If I were going to make a SaaS version of it would almost certainly fall back on collaborative filtering (pooling preferences from multiple users) because users would perceive it to learn more quickly.

See the entirely forgotten https://en.wikipedia.org/wiki/StumbleUpon

1 comments

Have you tried Feedly? One of the sort options is "most popular", although I'm not sure how that works. Older unread stuff ages out automatically after about a month.
Popularity is a useful metric for ranking (if A is more popular than B it is more likely I’ll like A better than B than if it is the other way around.) but combining it with a relevance score can be tricky. (e.g. it is not so straightforward to incorporate PageRank into a web search engine and really get better results.)

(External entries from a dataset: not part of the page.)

(* Assume $\clubsuit$. Then: (1) For every family $\{A_\alpha:\alpha<\omega_2\}$ of unbounded subsets of $\omega_1$ and every ordinal $\tau<\omega\cdot\omega$ there is $B\subseteq\omega_2$, $|B|=\aleph_2$, such that $\mathrm{otp}(\bigcap_{\alpha\in B}A_\alpha)\geq\tau$. (2) For every $\tau<\omega\cdot\omega$, $\binom{\omega_2}{\omega_1}\rightarrow\binom{\omega_2}{\tau}^{1,1}_{\aleph_0}$ holds.
   Context: $\clubsuit$ (tiltan) at $\aleph_1$: there is a sequence $\langle T_\alpha:\alpha\in\lim(\omega_1)\rangle$ such that each $T_\alpha$ is a cofinal subset of $\alpha$, and for every unbounded $A\subseteq\omega_1$ the set $\{\alpha: T_\alpha\subseteq A\}$ is stationary. The polarized relation $\binom{\alpha}{\beta}\rightarrow\binom{\gamma}{\delta}^{1,1}_\theta$ means: for every $c:\alpha\times\beta\to\theta$ there are $A\subseteq\alpha$ of order type $\gamma$ and $B\subseteq\beta$ of order type $\delta$ such that $c\restriction(A\times B)$ is constant. *)

From Stdlib Require Import Arith Classical.

Section Defs.
Context {T : Type} (lt : T -> T -> Prop).

Definition le (x y : T) : Prop := x = y \/ lt x y.

Definition well_order : Prop :=
  well_founded lt /\ (forall x, ~ lt x x) /\
  (forall x y z, lt x y -> lt y z -> lt x z) /\
  (forall x y, lt x y \/ x = y \/ lt y x).

(* (T, lt) is (isomorphic to) omega_1: an uncountable well-order all of whose
   proper initial segments are countable *)
Definition is_omega1 : Prop :=
  well_order /\
  (~ exists f : T -> nat, forall x y, f x = f y -> x = y) /\
  (forall a, exists f : T -> nat,
      forall x y, lt x a -> lt y a -> f x = f y -> x = y).

Definition is_limit (a : T) : Prop :=
  (exists y, lt y a) /\ (forall y, lt y a -> exists z, lt y z /\ lt z a).

Definition cofinal_in (S : T -> Prop) (a : T) : Prop :=
  (forall y, S y -> lt y a) /\ (forall y, lt y a -> exists z, S z /\ le y z).

Definition unbounded (A : T -> Prop) : Prop :=
  forall x, exists y, A y /\ le x y.

Definition club (C : T -> Prop) : Prop :=
  unbounded C /\
  (forall a, is_limit a ->
     (forall y, lt y a -> exists z, C z /\ lt y z /\ lt z a) -> C a).

Definition stationary (S : T -> Prop) : Prop :=
  forall C, club C -> exists a, S a /\ C a.

Definition clubsuit : Prop :=
  exists Tseq : T -> T -> Prop,
    (forall a, is_limit a -> cofinal_in (Tseq a) a) /\
    (forall A, unbounded A ->
       stationary (fun a => is_limit a /\ forall x, Tseq a x -> A x)).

The interesting thing I see in Feedly is it seems to have a broad categorization: you might get some topic like “American Football”. I think users will certainly feel more in control if they can pick topics like that.

YOShInOn does ingest categories that are supplied by the feeds. I’ve also thought about adding a query language inspired by OWL (contains word X or word Y and is not a member of category Z) but now when I want to do a query I hand code it. If there is ever a “YOshInOn Enterprise Edition” it will have some system for maintaining multiple categorizations so it will be able to put labels like “American Football” on.